Our next stop was the Santa Maria Novella, a Dominican church from the 1200s. The façade of the Santa Maria Novella is classic Renaissance architecture. Inside, the church feels large and open (similar to the Santa Croce), but has a warmer feeling to it. We enjoyed learning about The Trinity, a very famous fresco by Masaccio (considered to be the first true Renaissance painter, but not well known). In addition, there are wonderful frescoes behind the altar - these were painted by Ghirlandaio and cover the lives of John the Baptist (the patron saint of Florence) and the Virgin Mary. We learned that Michelangelo worked as an apprentice on these frescoes, and this was where he first learned this art form.

Freya then took us to a pharmacy actually created in the 1400's by the Dominican Monks to sell healing rose water. The pharmacy still operates today, and sells all kinds of healing products - it's housed in a beautiful building. Interestingly, the pharmacy looks out on a courtyard which is used in the training of Italian military police. When we arrived, a group of rookie recruits was practicing riot control methods using shields and batons. It was fun to watch, and very amusing to see among the original frescoes and buildings of the Dominican monks.

Our last stop with Freya was the church of San Lorenzo.
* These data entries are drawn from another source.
(* Let $A$ be a unital $C^*$-algebra and let $a,b\in A$ be unitary. Then $a=b$ if and only if $\rho(a,b)=0$.
   Context: For $a,b\in A$ and $n\geq 0$ put $C_{a,b}^n\mathbf 1=\sum_{k=0}^n(-1)^k\binom{n}{k}a^{n-k}b^k$ (with $a^0=b^0=\mathbf 1$), and $\rho(a,b)=\limsup_{n\to\infty}\|C_{a,b}^n\mathbf 1\|^{1/n}$. *)

From Stdlib Require Import Reals.
Open Scope R_scope.

Record Cplx : Type := mkC { re : R ; im : R }.
Definition C0 : Cplx := mkC 0 0.
Definition C1 : Cplx := mkC 1 0.
Definition Cadd (z w : Cplx) : Cplx := mkC (re z + re w) (im z + im w).
Definition Cmul (z w : Cplx) : Cplx :=
  mkC (re z * re w - im z * im w) (re z * im w + im z * re w).
Definition Cconj (z : Cplx) : Cplx := mkC (re z) (- im z).
Definition Cmod (z : Cplx) : R := sqrt (re z * re z + im z * im z).
Definition RtoC (r : R) : Cplx := mkC r 0.

Record CStarAlgebra : Type := {
  car :> Type;
  add : car -> car -> car;
  opp : car -> car;
  zero : car;
  mul : car -> car -> car;
  one : car;
  smul : Cplx -> car -> car;
  star : car -> car;
  norm : car -> R;
  addA : forall x y z, add x (add y z) = add (add x y) z;
  addC : forall x y, add x y = add y x;
  add0 : forall x, add zero x = x;
  addN : forall x, add (opp x) x = zero;
  smulA : forall c d x, smul c (smul d x) = smul (Cmul c d) x;
  smul1 : forall x, smul C1 x = x;
  smulDr : forall c x y, smul c (add x y) = add (smul c x) (smul c y);
  smulDl : forall c d x, smul (Cadd c d) x = add (smul c x) (smul d x);
  mulA : forall x y z, mul x (mul y z) = mul (mul x y) z;
  mul1l : forall x, mul one x = x;
  mul1r : forall x, mul x one = x;
  mulDl : forall x y z, mul (add x y) z = add (mul x z) (mul y z);
  mulDr : forall x y z, mul x (add y z) = add (mul x y) (mul x z);
  smul_mull : forall c x y, smul c (mul x y) = mul (smul c x) y;
  smul_mulr : forall c x y, smul c (mul x y) = mul x (smul c y);
  starK : forall x, star (star x) = x;
  starD : forall x y, star (add x y) = add (star x) (star y);
  starZ : forall c x, star (smul c x) = smul (Cconj c) (star x);
  starM : forall x y, star (mul x y) = mul (star y) (star x);
  norm_ge0 : forall x, 0 <= norm x;
  norm_eq0 : forall x, norm x = 0 -> x = zero;
  norm_triangle : forall x y, norm (add x y) <= norm x + norm y;
  normZ : forall c x, norm (smul c x) = Cmod c * norm x;
  norm_submul : forall x y, norm (mul x y) <= norm x * norm y;
  complete : forall u : nat -> car,
    (forall eps, 0 < eps -> exists N, forall m n, (N <= m)%nat -> (N <= n)%nat ->
        norm (add (u m) (opp (u n))) < eps) ->
    exists l, forall eps, 0 < eps -> exists N, forall n, (N <= n)%nat ->
        norm (add (u n) (opp l)) < eps;
  cstar_id : forall x, norm (mul (star x) x) = norm x * norm x
}.

Section Ops.
Variable A : CStarAlgebra.

Definition unitary (u : A) : Prop :=
  mul A (star A u) u = one A /\ mul A u (star A u) = one A.

Fixpoint powA (x : A) (n : nat) : A :=
  match n with O => one A | S m => mul A x (powA x m) end.

Fixpoint sumA (f : nat -> A) (n : nat) : A :=
  match n with O => f O | S m => add A (sumA f m) (f (S m)) end.

(** C_{a,b}^n 1 = sum_{k=0}^n (-1)^k binom(n,k) a^{n-k} b^k *)
Definition Cab (a b : A) (n : nat) : A :=
  sumA (fun k => smul A (RtoC ((-1) ^ k * Binomial.C n k))
                       (mul A (powA a (n - k)) (powA b k))) n.
End Ops.

Definition nroot (x : R) (n : nat) : R :=
  if Req_EM_T x 0 then 0 else Rpower x (/ INR n).

Definition is_limsup (u : nat -> R) (l : R) : Prop :=
  (forall eps, 0 < eps -> exists N, forall n, (N <= n)%nat -> u n < l + eps) /\
  (forall eps, 0 < eps -> forall N, exists n, (N <= n)%nat /\ l - eps < u n).

Definition rho_is (A : CStarAlgebra) (a b : A) (l : R) : Prop :=
  is_limsup (fun n => nroot (norm A (Cab A a b n)) n) l.

From Pilot Require Import Defs.
From Stdlib Require Import Reals Lra Lia Psatz.
Open Scope R_scope.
This was the Medici's parish church, and contains beautiful pulpits created by Donatello, and a Mannerist-style fresco by Bronzino.
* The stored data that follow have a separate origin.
Lemma nbhd_filter x : is_filter S (nbhd x).
Proof.
  constructor.
  - exists (fun _ => True); repeat split; auto using open_full.
  - intros A B HAB [V [HV [Vx HVA]]]; exists V; auto.
  - intros A B [V [HV [Vx HVA]]] [W [HW [Wx HWB]]].
    exists (fun y => V y /\ W y); repeat split; auto using open_inter; firstorder.
Qed.

Lemma CB_intro (f : S -> C) : (forall x, tends S (nbhd x) f (f x)) ->
  (exists M, forall x, Cnorm (f x) <= M) -> CB S f.
Proof. intros Hc Hb; split; [exact Hc | exact Hb]. Qed.

Lemma CB_tends (f : S -> C) x : CB S f -> tends S (nbhd x) f (f x).
Proof. intros [Hc _]; exact (Hc x). Qed.

Lemma CB_const (c : C) : CB S (fun _ => c).
Proof.
  apply CB_intro; [intros x; apply tends_const, nbhd_filter|].
  exists (Cnorm c); intros; lra.
Qed.

Lemma CB_plus f g : CB S f -> CB S g -> CB S (fadd S f g).
Proof.
  intros Hf Hg; apply CB_intro.
  - intros x; apply tends_plus; auto using nbhd_filter, CB_tends.
  - destruct Hf as [_ [M1 H1]], Hg as [_ [M2 H2]]; exists (M1 + M2); intros x.
    eapply Rle_trans; [apply Cnorm_triangle|]; specialize (H1 x); specialize (H2 x); lra.
Qed.

Lemma CB_mult f g : CB S f -> CB S g -> CB S (fmul S f g).
Proof.
  intros Hf Hg; apply CB_intro.
  - intros x; apply tends_mult; auto using nbhd_filter, CB_tends.
  - destruct Hf as [_ [M1 H1]], Hg as [_ [M2 H2]]; exists (M1 * M2); intros x.
    unfold fmul; rewrite Cnorm_mult; apply Rmult_le_compat; auto using Cnorm_nonneg.
Qed.

Lemma CB_conj f : CB S f -> CB S (fun x => Cconj (f x)).
Proof.
  intros Hf; apply CB_intro.
  - intros x; apply tends_conj; auto using nbhd_filter, CB_tends.
  - destruct Hf as [_ [M HM]]; exists M; intros x.
    rewrite Cnorm_Cmod, Cmod_conj, <- Cnorm_Cmod; apply HM.
Qed.

(** A function of [CB(S)] bounded away from [0] is invertible in [CB(S)]:
    [|1/a - 1/b| = |b - a| / (|a| |b|) <= |b - a| / q^2]. *)
Lemma CB_inv f q : 0 < q -> (forall x, q <= Cnorm (f x)) -> CB S f ->
  CB S (fun x => / f x)%C.
Proof.
  intros Hq Hfq Hf.
  assert (Hnz : forall x, f x <> RtoC 0).
  { intros x E; specialize (Hfq x); rewrite E, Cnorm_RtoC, Rabs_R0 in Hfq; lra. }
  assert (Hinv : forall x, Cnorm (/ f x)%C <= / q).
  { intros x; rewrite Cnorm_Cmod, Cmod_inv, <- Cnorm_Cmod by auto.
    apply Rinv_le_contravar; auto. }
  apply CB_intro; [|exists (/ q); exact Hinv].
  intros x eps Heps.
  apply (filter_mono (nbhd_filter x) _ _) with (2 := CB_tends f x Hf (eps * q * q)
    (Rmult_lt_0_compat _ _ (Rmult_lt_0_compat _ _ Heps Hq) Hq)).
  intros y Hy.
  replace (/ f y - / f x)%C with ((f x - f y) * (/ f y * / f x))%C by (field; auto).
  rewrite Cnorm_mult, Cnorm_mult, Cnorm_dist_sym.
  assert (Hiq : 0 < / q * / q) by (apply Rmult_lt_0_compat; apply Rinv_0_lt_compat; lra).
  apply Rle_lt_trans with (Cnorm (f y - f x)%C * (/ q * / q)).
  - apply Rmult_le_compat_l; [apply Cnorm_nonneg|].
    apply Rmult_le_compat; auto using Cnorm_nonneg.
  - replace eps with (eps * q * q * (/ q * / q)) by (field; lra).
    apply Rmult_lt_compat_r; auto.
Qed.

Lemma Lshift_Lshift s t f : Lshift S t (Lshift S s f) = Lshift S (smul S s t) f.
Proof. apply functional_extensionality; intros x; unfold Lshift; rewrite smul_assoc; reflexivity. Qed.

Lemma CB_Lshift s f : CB S f -> CB S (Lshift S s f).
Proof.
  intros [Hc [M HM]]; split; [|exists M; intros; apply HM].
  intros x eps Heps; destruct (Hc (smul S s x) eps Heps) as [V [HV [Vx HVf]]].
  exists (fun y => V (smul S s y)); repeat split; auto using left_cont.
  intros y Hy; exact (HVf _ Hy).
Qed.

Lemma Lshift_Tmu s mu f : Lshift S s (Tmu S mu f) = Tmu S mu (Lshift S s f).
Proof.
  apply functional_extensionality; intros t; unfold Tmu, Lshift at 1.
  rewrite Lshift_Lshift; reflexivity.
Qed.

Lemma Lmc_Lshift s f : Lmc S f -> Lmc S (Lshift S s f).
Proof.
  intros [Hf HT]; split; [apply CB_Lshift; auto|].
  intros rho Hrho; rewrite <- Lshift_Tmu; apply CB_Lshift; auto.
Qed.
End BoundedContinuous.

(** * Characters of [CB(S)] are limits along ultrafilters *)

Section Characters.
Variable S : HSTSemigroup.

Definition approximable (Q : (S -> C) -> Prop) (A : S -> Prop) (phi : (S -> C) -> C) : Prop :=
  forall fs eps, 0 < eps -> (forall f, In f fs -> Q f) ->
  exists a, A a /\ forall f, In f fs -> Cnorm (phi f - f a)%C < eps.

Lemma in_cl_eps_approximable A mu : in_cl_eps S A mu <-> approximable (Lmc S) A mu.
Proof. split; intros H; exact H. Qed.

Lemma char_const rho c : betaS S rho -> rho (fun _ => c) = c.
Proof.
  intros (Hadd & Hscal & Hmul & f & Hf & Hnz).
  assert (Hone : rho (fun _ => RtoC 1) = RtoC 1).
  { assert (E : fmul S f (fun _ => RtoC 1) = f).
    { apply functional_extensionality; intros x; unfold fmul; to_C; ring. }
    pose proof (Hmul f _ Hf (CB_const S (RtoC 1))) as H; rewrite E in H.
    to_C.
    replace (rho (fun _ => RtoC 1)) with (rho f * rho (fun _ => RtoC 1) / rho f)%C
      by (field; exact Hnz).
    rewrite <- H; field; exact Hnz. }
  replace (fun _ : S => c) with (fscal S c (fun _ => RtoC 1)).
  - rewrite Hscal, Hone by apply CB_const; to_C; ring.
  - apply functional_extensionality; intros x; unfold fscal; to_C; ring.
Qed.

Lemma ulim_betaS U : is_ultrafilter S U -> betaS S (ulim U).
Proof.
  intros HU; pose proof (ultra_filter S U HU) as HF.
  assert (Hlim : forall f, CB S f -> tends S U f (ulim U f))
    by (intros f [_ [M HM]]; eapply ulim_tends; eauto).
  split; [|split; [|split]].
  - intros f g Hf Hg; apply ulim_eq; auto; apply tends_plus; auto.
  - intros c f Hf; apply ulim_eq; auto; apply tends_mult; auto using tends_const.
  - intros f g Hf Hg; apply ulim_eq; auto; apply tends_mult; auto.
  - exists (fun _ => RtoC 1); split; [apply CB_const|].
    rewrite (ulim_eq U _ (RtoC 1) HU (tends_const S U _ HF)); exact C1_nz.
Qed.

(** Conversely, a functional approximable by evaluations is a limit along an
    ultrafilter: the sets of points approximating it form a filter base. *)
Lemma approximable_ultralimit Q A phi : approximable Q A phi ->
  exists U, is_ultrafilter S U /\ forall h, Q h -> tends S U h (phi h).
Proof.
  intros Happ.
  destruct (ultrafilter_of_base S (list (S -> C) * R)
              (fun i => 0 < snd i /\ forall f, In f (fst i) -> Q f)
              (fun i x => forall f, In f (fst i) -> Cnorm (phi f - f x)%C < snd i))
    as [U [HU HbaseU]].
  - exists (nil, 1); simpl; split; [lra | tauto].
  - intros [fs d] [Hd Hfs]; destruct (Happ fs d Hd Hfs) as [a [_ Ha]]; eauto.
  - intros [fs1 d1] [fs2 d2] [Hd1 Hfs1] [Hd2 Hfs2]; exists (fs1 ++ fs2, Rmin d1 d2); simpl.
    split; [split|].
    + apply Rmin_pos; auto.
    + intros f Hf; apply in_app_or in Hf; destruct Hf; auto.
    + intros x Hx; split; intros f Hf; eapply Rlt_le_trans;
        [apply Hx, in_or_app; auto | apply Rmin_l | apply Hx, in_or_app; auto | apply Rmin_r].
  - exists U; split; auto; intros h Qh d Hd.
    assert (Hbase : 0 < snd (h :: nil, d) /\ forall f, In f (fst (h :: nil, d)) -> Q f)
      by (simpl; split; [auto | intros f [<- | []]; auto]).
    apply (filter_mono (ultra_filter S U HU) _ _) with (2 := HbaseU _ Hbase).
    intros x Hx; rewrite Cnorm_dist_sym; apply Hx; left; reflexivity.
Qed.
End Characters.

(** * Evaluations are dense in [βS]

    If a character [rho] of [CB(S)] stayed [eps]-far from every evaluation on
    the functions [fs], then [G = Σ_{h ∈ fs} |h - rho h|^2] would be a function of
    [CB(S)] with [G >= eps^2] and [rho G = 0]; but then [1/G ∈ CB(S)] and
    [1 = rho (G * 1/G) = rho G * rho (1/G) = 0]. *)

Section Density.
Variables (S : HSTSemigroup) (rho : (S -> C) -> C).
Hypothesis Hrho : betaS S rho.

Definition sq_dist (h : S -> C) (x : S) : R := Cmod (h x - rho h)%C ^ 2.

Definition sum_sq_dist (hs : list (S -> C)) (x : S) : R :=
  fold_right Rplus 0 (map (fun h => sq_dist h x) hs).

(** [|h - rho h|^2 = (h - rho h) * conj (h - rho h)] lies in [CB(S)] and in the kernel of [rho]. *)
Lemma sq_dist_CB h : CB S h ->
  CB S (fun x => RtoC (sq_dist h x)) /\ rho (fun x => RtoC (sq_dist h x)) = RtoC 0.
Proof.
  intros Hh; pose proof Hrho as (Hadd & _ & Hmul & _).
  set (dh := fadd S h (fun _ => (- rho h)%C)).
  assert (Hdh : CB S dh) by (apply CB_plus; auto using CB_const).
  assert (Hrho_dh : rho dh = RtoC 0).
  { unfold dh; rewrite Hadd, char_const by auto using CB_const; to_C; ring. }
  assert (E : (fun x => RtoC (sq_dist h x)) = fmul S dh (fun x => Cconj (dh x))).
  { apply functional_extensionality; intros x; unfold sq_dist; rewrite Cmod2_conj; reflexivity. }
  rewrite E; split; [apply CB_mult; auto using CB_conj|].
  rewrite Hmul, Hrho_dh by auto using CB_conj; to_C; ring.
Qed.

Lemma sum_sq_dist_CB hs : (forall h, In h hs -> CB S h) ->
  CB S (fun x => RtoC (sum_sq_dist hs x)) /\ rho (fun x => RtoC (sum_sq_dist hs x)) = RtoC 0.
Proof.
  pose proof Hrho as (Hadd & _).
  induction hs as [|h hs IH]; intros Hhs.
  - unfold sum_sq_dist; simpl; split; [apply CB_const | apply char_const; exact Hrho].
  - destruct IH as [HG HrG]; [intros g Hg; apply Hhs; right; exact Hg|].
    destruct (sq_dist_CB h) as [Hh Hrh]; [apply Hhs; left; reflexivity|].
    assert (E : (fun x => RtoC (sum_sq_dist (h :: hs) x))
                = fadd S (fun x => RtoC (sq_dist h x)) (fun x => RtoC (sum_sq_dist hs x))).
    { apply functional_extensionality; intros x; unfold sum_sq_dist; simpl; apply RtoC_plus. }
    rewrite E; split; [apply CB_plus; auto|].
    rewrite Hadd, Hrh, HrG by auto; to_C; ring.
Qed.

Lemma sum_sq_dist_ge hs h x : In h hs -> sq_dist h x <= sum_sq_dist hs x.
Proof.
  assert (Hnonneg : forall g, 0 <= sq_dist g x) by (intros g; apply pow2_ge_0).
  assert (Hsum : forall l, 0 <= sum_sq_dist l x).
  { induction l as [|g l IH]; unfold sum_sq_dist in *; simpl; [lra|].
    specialize (Hnonneg g); lra. }
  induction hs as [|g hs IH]; [intros []|]; intros [<- | Hin]; unfold sum_sq_dist in *; simpl.
  - specialize (Hsum hs); lra.
  - specialize (IH Hin); specialize (Hnonneg g); lra.
Qed.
We then said goodbye to Freya, and walked to the Galleria del'Accademia. This museum was created specifically to house the original copy of Michelangelo's David, which had been damaged several times in its original location outside the Town Hall. It was fun to see David again, and its size and realistic qualities are truly impressive. Unfortunately, a major restoration effort began on September 1 (scheduled to continue into 2004), so we had to view David along with some scaffolding. We also enjoyed seeing Michelangelo's four prisoners, sculptures depicting muscular figures struggling to free themselves from stone.

Today was a great and very educational day for us all. With Freya's help, we learned a tremendous amount about specific works of art, the lives of Italian artists and several interesting dynamics about Florence's Renaissance movement. For example, Freya explained how Giorgio Vasari's book, Lives of the Artists, has had such a huge impact on how we view who the true Renaissance masters truly were. It is now believed that there were many other equally accomplished Renaissance artists outside of Florence, but Vasari wanted specifically to promote Florentine artists. It was also interesting to learn about how Renaissance artists operated. These artists all had large workshops, and the work was actually performed by groups of artists under the supervision of the lead artist (e.g. Raphael, Botticelli). However, in our minds we normally picture an individual artist as having produced their masterpieces independently.. Freya told us that there's even some controversy regarding whether Michelangelo painted the Sistine Chapel on his own.

UNESCO estimates that 45% of the world's greatest art resides in Italy, and that 60% of this art is here in Florence. Today was a wonderful opportunity for us to see and learn about much of this art.

Tomorrow, we are again planning to spend the day with Roberta to explore several towns in the Southern Tuscany, including Montalcino and Pienza.